Table 1 C2C12 image sequences and their split into training and test examples.

Mitosis detection

We compared GNN-DOL with a state-of-the-art GNN model by Ben-Haim and Raviv (GNN-B & R)9. This model was trained only with F0009 in the original paper, but we trained it with all the annotations using their code27. Note that GNN-B & R does not impose the constraints on cell correspondences. GNN-DOL was additionally compared with MPM14, a popular mitosis detection method. We evaluated how accurately mitosis events (i.e., the parent cells) are identified in each test sequence (Table 2). It is observed that GNN-DOL performs consistently better than GNN-B & R, MPM and Naive-GNN. GNN-B & R achieved high precision but relatively low recall, indicating that they are likely to miss hard-to-detect mitosis events. Our results suggest that imposing the constraint by DOL is beneficial in identifying mitosis events correctly. A downside of using DOL, however, is that it is computationally more demanding due to the use of quadratic programming. Figure 3b shows that the computational time of GNN-DOL for processing a pair of frames is about three times longer than Naive-GNN.

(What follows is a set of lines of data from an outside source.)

(* [v (t^s D a / D t^s) > 0]: the differential-valuation axiom for [b = t^s]. *)
Lemma differential_valuation_tpow s a d : lt 0 s -> hahn a -> supp_lb 0 a ->
  is_hval (D a) d -> lt 0 (s + d - vDmono s).
Proof.
move=> s0 ha a0 Dad.
have s0' : s != 0 by apply/eqP => s0'; case: s0 => _; rewrite s0'.
have hs := htpow s; have hDs := hahnD hs; have hDa := hahnD ha.
have vs : hval (tpow s) = Some s := hval_is_hval Hord (is_hval_mono Hord s (oner_neq0 k)).
have [hq vq] := hval_hinv Hord hDs (hval_is_hval Hord (is_hval_Dmono s0')).
have va : vle le (Some 0) (hval a).
  by case: (hvalP Hord ha) => [[_ ->]//|[g [[ag _] ->]]] /=; apply: a0.
have s1 : tpow s <> h0 by move=> s1; move: vs; rewrite s1 hval0.
have := Hdv.2 a (tpow s) ha hs va; rewrite vs => /(_ s0 s1).
rewrite (hval_mul Hord) //; last exact: (hahn_mul Hord).
by rewrite (hval_mul Hord hs hDa) vs vq (hval_is_hval Hord Dad).
Qed.

Lemma vDmonoN g : g != 0 -> g + vDmono (- g) = - g + vDmono g.
Proof.
move=> g0; have gN0 : - g != 0 by rewrite oppr_eq0.
have hg := htpow g; have hgN := htpow (- g).
have vX := is_hval_mul Hord (is_hval_mono Hord g (oner_neq0 k)) (is_hval_Dmono gN0).
have vY := is_hval_mul Hord (is_hval_mono Hord (- g) (oner_neq0 k)) (is_hval_Dmono g0).
have := congr1 D (@hmul_mono1 k G g (- g)); rewrite subrr Dconst DM // => D1.
have XY : hmul (tpow g) (D (tpow (- g))) = hopp (hmul (tpow (- g)) (D (tpow g))).
  apply: funext => h; have := congr1 (fun f => f h) D1.
  by rewrite /hadd /hopp /hzero => /eqP; rewrite addr_eq0 => /eqP.
by apply: (is_hval_uniq Hord vX); rewrite XY; apply: is_hval_opp.
Qed.

(* Multiplying by [t^g] moves [D a], for [v a >= 0], strictly above [v (D t^g)];
   for [g < 0] this follows from the case [-g > 0] via [vDmonoN]. *)
Lemma vDmono_lt_supp_mulD g a : g != 0 -> hahn a -> supp_lb 0 a ->
  forall h, hmul (tpow g) (D a) h != 0 -> lt (vDmono g) h.
Proof.
move=> g0 ha a0 h; rewrite hmul_monoL mul1r => Da0.
have [d [Dad dP]] : exists d, is_hval (D a) d.
  by apply: (is_hval_ex (hahnD ha)) => Da; move: Da0; rewrite Da /hzero eqxx.
suff lt_f : lt (vDmono g) (g + d).
  apply: (olt_le_trans Hord lt_f).
  by have := oleD2l Hord g (dP _ Da0); rewrite [g + (h - g)]addrC subrK.
case: (olt_trichotomy Hord 0 g) => [gpos|g0'|gneg]; last 2 first.
- by move: g0; rewrite -g0' eqxx.
- have gNpos : lt 0 (- g) by have := oltN Hord gneg; rewrite oppr0.
  have := differential_valuation_tpow gNpos ha a0 (conj Dad dP).
  move=> /(oltD2r Hord (g + vDmono (- g))).
  rewrite add0r addrACA addNr addr0 [- g + d + g]addrC addNKr vDmonoN //.
  by move=> /(oltD2l Hord g); rewrite addNKr.
have := oltD2r Hord (vDmono g) (differential_valuation_tpow gpos ha a0 (conj Dad dP)).
by rewrite add0r subrK.
Qed.

Lemma vDmono_lt_supp g g' : g != 0 -> lt g g' ->
  forall h, D (tpow g') h != 0 -> lt (vDmono g) h.
Proof.
move=> g0 gg' h.
have gg'0 : lt 0 (g' - g) by have := oltD2r Hord (- g) gg'; rewrite subrr.
have hg := htpow g; have hgg' := htpow (g' - g).
rewrite -[g'](subrK g) addrC -hmul_mono1 DM // /hadd.
case: (eqVneq (hmul (tpow g) (D (tpow (g' - g))) h) 0) => [->|Dh0 _]; last first.
  apply: (vDmono_lt_supp_mulD g0 hgg' _ Dh0) => x.
  rewrite /hmono; case: (x =P g' - g) => [->|_]; [by case: gg'0 | by rewrite eqxx].
rewrite add0r hmul_monoL mul1r => /(proj2 (is_hval_Dmono g0)) fh.
by have := ole_ltD Hord fh gg'0; rewrite addr0 subrK.
Qed.

Lemma vDmono_mono g g' : g != 0 -> g' != 0 -> le g g' -> le (vDmono g) (vDmono g').
Proof.
move=> g0 g'0 gg'; case: (pselect (g = g')) => [->|ne]; first exact: ole_refl.
by case: (vDmono_lt_supp g0 (conj gg' ne) (is_hval_Dmono g'0).1).
Qed.

(* Write [z = z_0 + t^g w] with [v w = 0]: then [D z = t^g D w + w D t^g],
   and the first summand lies strictly above [v (D t^g)]. *)
Lemma is_hval_D z g : hahn z -> g != 0 -> z g != 0 ->
  (forall h, h != 0 -> z h != 0 -> le g h) -> is_hval (D z) (vDmono g).
Proof.
move=> hz g0 zg gP.
pose u := hsub z (hconst (z 0)).
have hu : hahn u by apply: (hahn_sub Hord) => //; apply: (hahn_const Hord).
have uE h : h != 0 -> u h = z h.
  by move=> h0; rewrite /u /hsub /hadd /hopp /hconst (negbTE h0) oppr0 addr0.
pose w h := u (h + g).
have hw : hahn w by apply: (hahn_shift Hord).
have w0 : supp_lb 0 w.
  move=> h; rewrite /w; case: (eqVneq (h + g) 0) => [->|hg0].
    by rewrite /u /hsub /hadd /hopp /hconst eqxx subrr eqxx.
  by rewrite uE // => /(gP _ hg0); rewrite -{1}[g]add0r (oleD2rE Hord).
have wv : is_hval w 0 by split=> //; rewrite /w add0r uE.
have Dz : D z = hadd (hmul (tpow g) (D w)) (hmul w (D (tpow g))).
  have -> : z = hadd (hmul (tpow g) w) (hconst (z 0)).
    apply: funext => h; rewrite /hadd hmul_monoL mul1r /w subrK.
    by rewrite /u /hsub /hadd /hopp subrK.
  rewrite DD ?Dconst ?DM //; first by apply: funext => h; rewrite /hadd /hzero addr0.
  - exact: hahn_mono.
  - exact: (hahn_mul Hord (htpow g) hw).
  - exact: (hahn_const Hord).
rewrite Dz; apply: is_hval_addl; last exact: vDmono_lt_supp_mulD.
by rewrite -[vDmono g]add0r; apply: (is_hval_mul Hord wv (is_hval_Dmono g0)).
Qed.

Table 2 Detection accuracy of mitosis events.

Cell correspondence prediction

We also investigated the prediction accuracy of cell correpondence prediction. Frames with at least one parent cell and their next frames are chosen for examination. GNN-DOL, GNN-B & R and Naive-GNN are applied to the pair of cell graphs derived from the frame pairs. The predicted corresponding matrix Z is compared with the ground truth. In Fig. 4a,b GNN-DOL is compared with GNN-DOL and GNN-B & R in terms of F1-score, respectively. GNN-DOL performed better than Naive-GNN and GNN-B & R consistently, showing the significant contribution of DOL. It is also found that GNN-B & R tends to fail badly, when there are more than one mitosis events happening. Multiple mitosis cases occur rarely in training data, so it should be hard to learn via purely data-driven approaches.

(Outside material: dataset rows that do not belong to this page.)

(* The hitting time exceeds [k] only if the first [k] steps stay good. *)
Lemma firsthit_tail_le_survival k M x : reach p1 x ->
  \sum_(m < M) firsthit (m + k.+1) x <= survival k x.
Proof.
elim: k x => [|k IH] x hr; have [hg|hng] := asboolP (good x);
  try by rewrite big1 ?survival_ge0 // => m _; rewrite addnS firsthitS_eq0.
- rewrite survival0_good //; apply: le_trans (sum_firsthit_le1 M.+1 x).
  rewrite [leRHS]big_ord_recl -[leLHS]add0r; apply: lerD; first exact: firsthit_ge0.
  by apply: ler_sum => m _; rewrite addn1; exact: lexx.
have [_ hx _] := hg.
under eq_bigr => m _ do rewrite addnS firsthitS_pos //.
rewrite survivalS_good // -step_mean_sum; apply: ler_step_mean => c r hP.
exact: IH (reach_snoc hr (trans_gt0_Pp hx hP)).
Qed.

Lemma survival_add_le L d : (forall x, survival L x <= (1 - d) * survival 0 x) ->
  forall k x, survival (L + k) x <= (1 - d) * survival k x.
Proof.
move=> hL; elim=> [|k IH] x; first by rewrite addn0.
have [hg|hng] := asboolP (good x); last by rewrite !survival_not_good ?mulr0.
rewrite addnS !survivalS_good // -step_meanZ.
by apply: ler_step_mean => c r _; exact: IH.
Qed.

Lemma sum_survival_le L d : (0 < L)%N -> 0 < d -> d <= 1 ->
  (forall x, survival L x <= (1 - d) * survival 0 x) ->
  forall j x, \sum_(k < j * L) survival k x <= L%:R / d.
Proof.
move=> hL hd hd1 hcontr; elim=> [|j IH] x.
  by rewrite mul0n big_ord0 divr_ge0 ?ler0n // ltW.
rewrite mulSn big_split_ord /=.
have head : \sum_(k < L) survival k x <= L%:R.
  rewrite -[L in L%:R]card_ord -sumr_const.
  by apply: ler_sum => k _; exact: survival_le1.
have tail : \sum_(k < j * L) survival (L + k) x <= (1 - d) * (L%:R / d).
  apply: le_trans (_ : (1 - d) * \sum_(k < j * L) survival k x <= _).
    by rewrite mulr_sumr; apply: ler_sum => k _; exact: survival_add_le.
  by apply: ler_wpM2l; [rewrite subr_ge0 | exact: IH].
suff -> : L%:R / d = L%:R + (1 - d) * (L%:R / d) by exact: lerD.
by field; exact: lt0r_neq0.
Qed.

Definition good_edge (x y : Q * nat) : bool :=
  `[< good x /\ exists c : 'I_3, y.2 = (x.2 + c - 1)%N /\ 0 < Pp x.1 c y.1 >].

Lemma good_path_to_q0 x : good x -> exists s, path good_edge x s /\ last x s = q0.
Proof.
case=> hr _ hp.
suff /(_ q0 hp erefl) : forall z, reach_above 1 x z -> z = q0 ->
  exists s, path good_edge x s /\ last x s = z by [].
move=> {hp} z hxz; elim: hxz hr => {x z} [x|x y z hx hxy hyz IH] hr ez; first by exists [::].
have [s [hs hl]] := IH (reach_snoc hr hxy) ez.
exists (y :: s); split => //=; rewrite hs andbT; apply/asboolP; split.
  by split => //; rewrite -ez; exact: reach_above_step hx hxy hyz.
by case: x hx hxy {hr IH} => s0 i /= hi /(trans_gt0_Pp_exists hi).
Qed.

Lemma hitprob_ge_partial n : ((\sum_(m < n) firsthit m p1)%:E <= hitprob Pz Pp p q)%E.
Proof.
rewrite /hitprob; apply: le_trans (nneseries_lim_ge n _); last first.
  by move=> m _ _; rewrite lee_fin hitn_firsthit firsthit_ge0.
by rewrite sumEFin big_mkord lee_fin; apply: ler_sum => m _; rewrite hitn_firsthit.
Qed.

Lemma hitprob_le1 : (hitprob Pz Pp p q <= 1%:E)%E.
Proof.
apply: nneseries_le_bound => [n|k]; first by rewrite hitn_firsthit firsthit_ge0.
by under eq_bigr do rewrite hitn_firsthit; exact: sum_firsthit_le1.
Qed.

Lemma reach_above_of_hitprob_gt0 : (0 < hitprob Pz Pp p q)%E -> reach_above 1 p1 q0.
Proof.
move=> hpos; case: (pselect (exists n, 0 < firsthit n p1)) => [[n]|hnone].
  exact: reach_above_of_firsthit_gt0.
move: hpos; rewrite /hitprob eseries0 ?ltxx // => n _ _; congr EFin.
apply/eqP; rewrite eq_le hitn_firsthit firsthit_ge0 andbT leNgt.
by apply/negP => hn; apply: hnone; exists n.
Qed.

Section Bounds.
Variables (xm : R) (B : nat).
Hypotheses (xm_gt0 : 0 < xm) (xm_le1 : xm <= 1).
Hypothesis xm_le_Pp : forall s c r, 0 < Pp s c r -> xm <= Pp s c r.
Hypothesis counter_bounded : forall y, reach p1 y -> reach y q0 -> (y.2 <= B)%N.
Hypothesis hitprob_gt0 : (0 < hitprob Pz Pp p q)%E.

Local Notation L := (#|Q| * #|Q|.+1)%N.

Lemma good_counter_le_card x : good x -> (x.2 <= #|Q|)%N.
Proof.
by case: x => r k [hr _ hp]; exact: counter_le_card counter_bounded r k hr hp.
Qed.

Lemma good_path_counters s x : path good_edge x s -> last x s = q0 ->
  all (fun z => (z.2 <= #|Q|)%N) (x :: s).
Proof.
elim: s x => [|y s IH] x /=; first by move=> _ ->; rewrite andbT.
move=> /andP[/asboolP[hx _] hp] hl.
by rewrite good_counter_le_card //=; exact: IH.
Qed.

Lemma short_good_path x : good x ->
  exists s, [/\ path good_edge x s, last x s = q0 & (size s < L)%N].
Proof.
move=> hx; have [s [hs hl]] := good_path_to_q0 hx.
case: (shortenP hs) hl => s' hs' hu _ hl; exists s'; split => //.
exact: uniq_size_le_box hu (good_path_counters hs' hl).
Qed.

Lemma firsthit_path_ge s x : path good_edge x s -> last x s = q0 ->
  xm ^+ size s <= firsthit (size s) x.
Proof.
elim: s x => [|y s IH] x /=; first by move=> _ ->; rewrite eqxx expr0.
move=> /andP[/asboolP[[_ hx _] [c [hyc hP]]] hp] hl.
rewrite hx exprS; apply: le_trans (@step_mean_ge_term (firsthit (size s)) x c y.1 (firsthit_ge0 _)).
rewrite -hyc -surjective_pairing.
by apply: ler_pM; [exact: ltW | exact: exprn_ge0 (ltW xm_gt0) | exact: xm_le_Pp | exact: IH].
Qed.

Lemma firsthit_mass_ge x : good x -> xm ^+ L <= \sum_(m < L) firsthit m x.
Proof.
move=> hx; have [s [hs hl hsz]] := short_good_path hx.
apply: le_trans (ler_wiXn2l (ltW xm_gt0) xm_le1 (ltnW hsz)) _.
apply: le_trans (firsthit_path_ge hs hl) _.
by rewrite (bigD1 (Ordinal hsz)) //= lerDl sumr_ge0 // => m _; exact: firsthit_ge0.
Qed.

Lemma survival_contract x : survival L x <= (1 - xm ^+ L) * survival 0 x.
Proof.
have [hg|hng] := asboolP (good x); last by rewrite !survival_not_good ?mulr0.
rewrite survival0_good // mulr1 lerBrDr.
apply: le_trans (survival_firsthit_le1 L x); rewrite lerD2l.
apply: le_trans (firsthit_mass_ge hg) _.
by rewrite big_ord_recr /= lerDl firsthit_ge0.
Qed.

Lemma good_p1 : good p1.
Proof. by split => //; [exact: reach_refl | exact: reach_above_of_hitprob_gt0]. Qed.

Lemma expected_firsthit_le M : \sum_(m < M) m%:R * firsthit m p1 <= L%:R / xm ^+ L.
Proof.
have hL : (0 < L)%N by rewrite muln_gt0 andbT; apply/card_gt0P; exists p.
apply: le_trans (sum_mul_le_tails M (firsthit_ge0^~ p1)) _.
apply: le_trans (_ : \sum_(k < M) survival k p1 <= _).
  by apply: ler_sum => k _; exact: firsthit_tail_le_survival (reach_refl _ _ _).
apply: le_trans (sum_survival_le hL _ _ survival_contract M p1).
- apply: (@sumr_ord_widen_le _ (survival^~ p1)); first by rewrite leq_pmulr.
  by move=> k; exact: survival_ge0.
- exact: exprn_gt0.
- exact: exprn_ile1 _ (ltW xm_gt0) xm_le1.
Qed.

Lemma condE_le : (condE Pz Pp p q <= (L%:R / xm ^+ L / xm ^+ L)%:E)%E.
Proof.
set d := xm ^+ L; have hd : 0 < d by exact: exprn_gt0.
have hmass : (d%:E <= hitprob Pz Pp p q)%E.
  by apply: le_trans (hitprob_ge_partial L); rewrite lee_fin; exact: firsthit_mass_ge good_p1.
set h := fine (hitprob Pz Pp p q).
have hh : hitprob Pz Pp p q = h%:E.
  rewrite /h fineK // ge0_fin_numE; last exact: le_trans (ltW _) hmass.
  exact: le_lt_trans hitprob_le1 (ltry _).
have hdh : d <= h by rewrite -lee_fin -hh.
have hh0 : 0 < h := lt_le_trans hd hdh.
rewrite /condE -/h; apply: nneseries_le_bound => [n|M].
  by rewrite divr_ge0 ?mulr_ge0 ?ler0n ?hitn_firsthit ?firsthit_ge0 // ltW.
rewrite -mulr_suml; under eq_bigr do rewrite hitn_firsthit.
apply: ler_pM.
- by apply: sumr_ge0 => m _; rewrite mulr_ge0 ?ler0n ?firsthit_ge0.
- by rewrite invr_ge0 ltW.
- exact: expected_firsthit_le.
- by rewrite lef_pV2 ?posrE.
Qed.

End Bounds.

End Chain.

Lemma card_power_bound_le (R : realFieldType) (x : R) N : 0 < x -> x <= 1 -> (0 < N)%N ->
  (N * N.+1)%:R / x ^+ (N * N.+1) / x ^+ (N * N.+1) <=
  (15 * N ^ 3)%:R / x ^+ (4 * N ^ 3).
Proof.
move=> x_gt0 x_le1 hN; rewrite -mulrA -invfM -exprD.
apply: ler_pM; first exact: ler0n.
- by rewrite invr_ge0 exprn_ge0 // ltW.
- by rewrite ler_nat; nia.
rewrite lef_pV2 ?posrE ?exprn_gt0 //.
by apply: (ler_wiXn2l (ltW x_gt0) x_le1); nia.
Qed.

Section Xmin.
Variables (R : realType) (Q : finType).
Variables (Pz : Q -> 'I_2 -> Q -> R) (Pp : Q -> 'I_3 -> Q -> R).

Lemma xmin_gt0 : 0 < xmin Pz Pp.
Proof. by rewrite lt_min; apply/andP; split; apply: lt_bigmin => //; exact: ltr01. Qed.

Lemma xmin_le1 : xmin Pz Pp <= 1.
Proof. by rewrite ge_min bigmin_le_id. Qed.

In this paper, we proposed a differentiable model, GNN-DOL, to detect cell mitosis from video. GNN-DOL was particularly accurate, when there are multiple mitosis events in an image. Our method should be useful to measure mitosis frequency under the influence of a drug, which is an important step of drug development. While GNN-DOL is designed for predicting cell correspondences in two adjacent images and amenable to online video processing, it may also contribute to cell lineage analysis28,29 over a long time frame. A drawback of our method is that U-net and GNN-DOL are separate and not unified. The cell identification mistakes of U-net are carried over to GNN-DOL and can never be corrected. If a unified network that can learn the mitosis detection task in the end-to-end fashion is constructed, this problem may be alleviated.

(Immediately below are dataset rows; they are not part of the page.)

(* If $n_1<n_2<n_3\neq N/2$, then the geometric realization of $C(n_1,n_2,n_3)$ is homeomorphic to a disjoint union of tori (one for each of its $\gcd(n_1,n_2,n_3)$ components).
   Context: Standing conventions: $N,n_1,n_2,n_3$ are positive integers with $n_1+n_2+n_3=N$ and $1\le n_1\le n_2\le n_3<N$. $C(n_1,n_2,n_3)$ denotes the abstract simplicial complex whose vertex set is $\mathbb{Z}/N$, whose 2-simplices are all sets of the form $\{k,k+n_1,k+n_1+n_2\}$ or $\{k,k-n_1,k-n_1-n_2\}$ for $k\in\mathbb{Z}/N$ (i.e. the orbit of $\{0,n_1,n_1+n_2\}$ under all translations $x\mapsto x+t$ and inversions $x\mapsto t-x$ of $\mathbb{Z}/N$), and whose 1-simplices are all sets $\{k,k+n_i\}$ with $k\in\mathbb{Z}/N$, $i\in\{1,2,3\}$. *)

From Stdlib Require Import Reals Arith List.
Open Scope R_scope.

(* The vertex sets of the 2-simplices: the orbit of {0,n1,n1+n2} under
   translations and inversions of Z/N, i.e. {k,k+n1,k+n1+n2} and {k,k-n1,k-n1-n2}. *)
Definition is_triangle (N n1 n2 : nat) (v : nat -> Prop) : Prop :=
  exists k, (k < N)%nat /\
    ((forall i, v i <-> (i = k \/ i = (k + n1) mod N \/ i = (k + n1 + n2) mod N))
  \/ (forall i, v i <-> (i = k \/ i = (k + (N - n1)) mod N
                           \/ i = (k + (N - n1) + (N - n2)) mod N))).

Definition is_edge (N n1 n2 n3 : nat) (v : nat -> Prop) : Prop :=
  exists k, (k < N)%nat /\ exists m, (m = n1 \/ m = n2 \/ m = n3) /\
    (forall i, v i <-> (i = k \/ i = (k + m) mod N)).

Definition is_vertex (N : nat) (v : nat -> Prop) : Prop :=
  exists k, (k < N)%nat /\ (forall i, v i <-> i = k).

Definition is_simplex (N n1 n2 n3 : nat) (v : nat -> Prop) : Prop :=
  is_triangle N n1 n2 v \/ is_edge N n1 n2 n3 v \/ is_vertex N v.

Fixpoint rsum (n : nat) (f : nat -> R) : R :=
  match n with O => 0 | S m => rsum m f + f m end.

(* Geometric realization |C(n1,n2,n3)| inside R^N (points are coordinate
   functions nat -> R vanishing from index N on): barycentric coordinates
   supported on a simplex. *)
Definition realization (N n1 n2 n3 : nat) (x : nat -> R) : Prop :=
  (forall i, (N <= i)%nat -> x i = 0) /\
  (forall i, 0 <= x i) /\
  rsum N x = 1 /\
  exists v, is_simplex N n1 n2 n3 v /\ (forall i, x i <> 0 -> v i).

Definition distN (N : nat) (x y : nat -> R) : R := rsum N (fun i => Rabs (x i - y i)).

(* A point is (k, (a,b,c,d)) with k < g indexing the component and
   (a,b),(c,d) on the unit circle: the k-th copy of S^1 x S^1. *)
Definition tori_pt : Type := (nat * (R * R * R * R))%type.

Definition tori (g : nat) (p : tori_pt) : Prop :=
  match p with (k, (a, b, c, d)) =>
    (k < g)%nat /\ a * a + b * b = 1 /\ c * c + d * d = 1 end.

(* Metric inducing the disjoint-union topology (distinct copies at distance >= 1). *)
Definition tori_dist (p q : tori_pt) : R :=
  match p, q with (k, (a, b, c, d)), (k', (a', b', c', d')) =>
    (if Nat.eqb k k' then 0 else 1)
    + Rabs (a - a') + Rabs (b - b') + Rabs (c - c') + Rabs (d - d') end.

Definition cont_on {A B : Type} (dA : A -> A -> R) (dB : B -> B -> R)
  (S : A -> Prop) (f : A -> B) : Prop :=
  forall x, S x -> forall eps, 0 < eps -> exists delta, 0 < delta /\
    forall y, S y -> dA x y < delta -> dB (f x) (f y) < eps.

Definition homeomorphic {A B : Type} (dA : A -> A -> R) (dB : B -> B -> R)
  (S : A -> Prop) (T : B -> Prop) : Prop :=
  exists (f : A -> B) (h : B -> A),
    (forall x, S x -> T (f x)) /\ (forall y, T y -> S (h y)) /\
    (forall x, S x -> h (f x) = x) /\ (forall y, T y -> f (h y) = y) /\
    cont_on dA dB S f /\ cont_on dB dA T h.

(* The plane, triangulated by the lines x = k, y = k and x - y = k (k integer), covers
   [C(n1,n2,n3)]: on the c-th copy of the plane the vertex (x, y) is sent to the vertex
   c + x n1 + y n2 of Z/N, and the map is extended affinely on triangles.  The copies
   c < g = gcd(n1,n2,n3) exhaust the vertices, and the images of distinct copies are disjoint
   since labels are congruent to c modulo g.  Two vertices of one copy with the same label
   differ by an element of the lattice L = {(l1, l2) | N divides l1 n1 + l2 n2}.  Since
   n1 < n2 < n3 and 2 n3 <> N, no two vertices of a star share a label, so the map is a local
   homeomorphism identifying exactly the L-orbits, and each component is the torus R^2 / L,
   which a basis of L identifies with (R/Z)^2. *)

From Stdlib Require Import Reals Lra Lia ZArith Znumtheory Arith List Permutation
  FunctionalExtensionality ClassicalEpsilon.
Open Scope R_scope.
Import ListNotations.

Lemma Rabs_le_inv z a : Rabs z <= a -> - a <= z <= a.
Proof.
  intros H. destruct (Rcase_abs z); [rewrite Rabs_left in H | rewrite Rabs_right in H]; lra.
Qed.

Definition lsum {A : Type} (L : list A) (F : A -> R) : R :=
  fold_right (fun q acc => F q + acc) 0 L.

Section ListSums.
Context {A : Type}.
Implicit Types (L : list A) (F G : A -> R).

Lemma lsum_perm L1 L2 F : Permutation L1 L2 -> lsum L1 F = lsum L2 F.
Proof. induction 1; simpl; lra. Qed.

Lemma lsum_nonneg L F : (forall q, 0 <= F q) -> 0 <= lsum L F.
Proof. intros H; induction L; simpl; [lra|]. specialize (H a); lra. Qed.

Lemma lsum_zero L F : (forall q, In q L -> F q = 0) -> lsum L F = 0.
Proof. induction L; simpl; intros H; [lra|]. rewrite H, IHL by auto. lra. Qed.

Lemma lsum_minus L F G : lsum L (fun q => F q - G q) = lsum L F - lsum L G.
Proof. induction L; simpl; lra. Qed.

Lemma lsum_abs_le L F : Rabs (lsum L F) <= lsum L (fun q => Rabs (F q)).
Proof.
  induction L; simpl; [rewrite Rabs_R0; lra|].
  eapply Rle_trans; [apply Rabs_triang | lra].
Qed.

Lemma lsum_le L F G : (forall q, In q L -> F q <= G q) -> lsum L F <= lsum L G.
Proof.
  induction L; simpl; intros H; [lra|].
  assert (F a <= G a) by auto. assert (lsum L F <= lsum L G) by auto. lra.
Qed.

Lemma lsum_pos_ex L F : (forall q, 0 <= F q) -> 0 < lsum L F -> exists q, In q L /\ 0 < F q.
Proof.
  induction L; simpl; intros H1 H2; [lra|].
  destruct (Rlt_dec 0 (F a)) as [h|h]; [exists a; auto|].
  destruct IHL as [q [? ?]]; auto; [specialize (H1 a); lra | exists q; auto].
Qed.

Definition nonzerob F (q : A) : bool := if Req_EM_T (F q) 0 then false else true.

Lemma lsum_filter_nonzero L F : lsum L F = lsum (filter (nonzerob F) L) F.
Proof.
  induction L; simpl; auto. unfold nonzerob at 1.
  destruct (Req_EM_T (F a) 0) as [E|E]; simpl; rewrite IHL; [rewrite E|]; lra.
Qed.

Lemma lsum_eq_on_support L1 L2 F : NoDup L1 -> NoDup L2 ->
  (forall q, F q <> 0 -> In q L1 /\ In q L2) -> lsum L1 F = lsum L2 F.
Proof.
  intros N1 N2 H. rewrite (lsum_filter_nonzero L1), (lsum_filter_nonzero L2).
  apply lsum_perm, NoDup_Permutation; try apply NoDup_filter; auto.
  intros q; rewrite !filter_In; unfold nonzerob.
  destruct (Req_EM_T (F q) 0); split; intros [A1 B1]; try discriminate;
    split; auto; apply H; auto.
Qed.

End ListSums.

Lemma rsum_ext n f g : (forall i, (i < n)%nat -> f i = g i) -> rsum n f = rsum n g.
Proof. induction n; simpl; intros H; auto. rewrite IHn, H by auto. auto. Qed.

Lemma rsum_plus n f g : rsum n (fun i => f i + g i) = rsum n f + rsum n g.
Proof. induction n; simpl; lra. Qed.

Lemma rsum_const0 n : rsum n (fun _ => 0) = 0.
Proof. induction n; simpl; lra. Qed.

Lemma rsum_indicator n l c : (l < n)%nat -> rsum n (fun i => if Nat.eqb l i then c else 0) = c.
Proof.
  induction n; simpl; intros H; [lia|].
  destruct (Nat.eq_dec l n) as [->|Hne].
  - rewrite Nat.eqb_refl, (rsum_ext _ _ (fun _ => 0)), rsum_const0; [lra|].
    intros i Hi. destruct (Nat.eqb_spec n i); [lia|auto].
  - rewrite IHn by lia. destruct (Nat.eqb_spec l n); [lia|lra].
Qed.

Lemma rsum_lsum {A : Type} n (L : list A) G :
  rsum n (fun i => lsum L (G i)) = lsum L (fun q => rsum n (fun i => G i q)).
Proof. induction L; simpl; [apply rsum_const0|]. rewrite rsum_plus, IHL. auto. Qed.

Lemma rsum_le n f g : (forall i, (i < n)%nat -> f i <= g i) -> rsum n f <= rsum n g.
Proof.
  induction n; simpl; intros H; [lra|].
  assert (f n <= g n) by (apply H; lia). assert (rsum n f <= rsum n g) by auto. lra.
Qed.

Lemma rsum_nonneg n f : (forall i, 0 <= f i) -> 0 <= rsum n f.
Proof. intros H; induction n; simpl; [lra|]. specialize (H n); lra. Qed.

Lemma rsum_term_le n f l : (forall i, 0 <= f i) -> (l < n)%nat -> f l <= rsum n f.
Proof.
  induction n; simpl; intros H Hl; [lia|]. pose proof (rsum_nonneg n f H).
  destruct (Nat.eq_dec l n) as [->|]; [lra|].
  pose proof (IHn H ltac:(lia)). specialize (H n). lra.
Qed.

Lemma rsum_pos_ex n f : 0 < rsum n f -> exists i, (i < n)%nat /\ 0 < f i.
Proof.
  induction n; simpl; intros H; [lra|].
  destruct (Rlt_dec 0 (f n)); [exists n; split; auto; lia|].
  destruct IHn as [i [? ?]]; [lra | exists i; split; auto; lia].
Qed.

Lemma distN_term_le N x y l : (l < N)%nat -> Rabs (x l - y l) <= distN N x y.
Proof. intros; apply (rsum_term_le N (fun i => Rabs (x i - y i))); auto using Rabs_pos. Qed.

Deep learning models have shown that, given a large amount of data, rules and constraints behind the data can be automatically discovered and utilized for accurate prediction23. However, in scientific applications such as mitosis detection, the amount of data is inherently limited and incorporating known constraints as DOL can be advantageous over purely data driven approaches. In future, we would like to explore the possibilities of DOLs further in various scientific domains.

Figure 1
figure 1

Example of cell mitosis. A parent cell divides into two daughter cells at frame t.

Figure 2
figure 2

Overview of GNN-DOL. Cells are detected from each image and converted to a cell graph. Edge and node features are updated by a graph neural network (GNN), and the similarity matrix Q is constructed from the updated features. A differential optimization layer (DOL) derives the optimal correpondence between the cells from Q.

Figure 3
figure 3

(a) Number of cells in each frame. (b) Computational time of GNN-DOL and Naive-GNN for processing a pair of consective frames.

Figure 4
figure 4

(a) Distribution of F1-scores of GNN-DOL and Naive-GNN for identifying cell correspondences. The horizontal and vertical axes represent the F1-scores of Naive-GNN and GNN-DOL, respectively. Marker shapes indicate the number of mitosis events in a frame. A circular marker shows that the frame has only one event and a triangular one shows that there are two or more. (b) Comparison of GNN-DOL and GNN-B & R.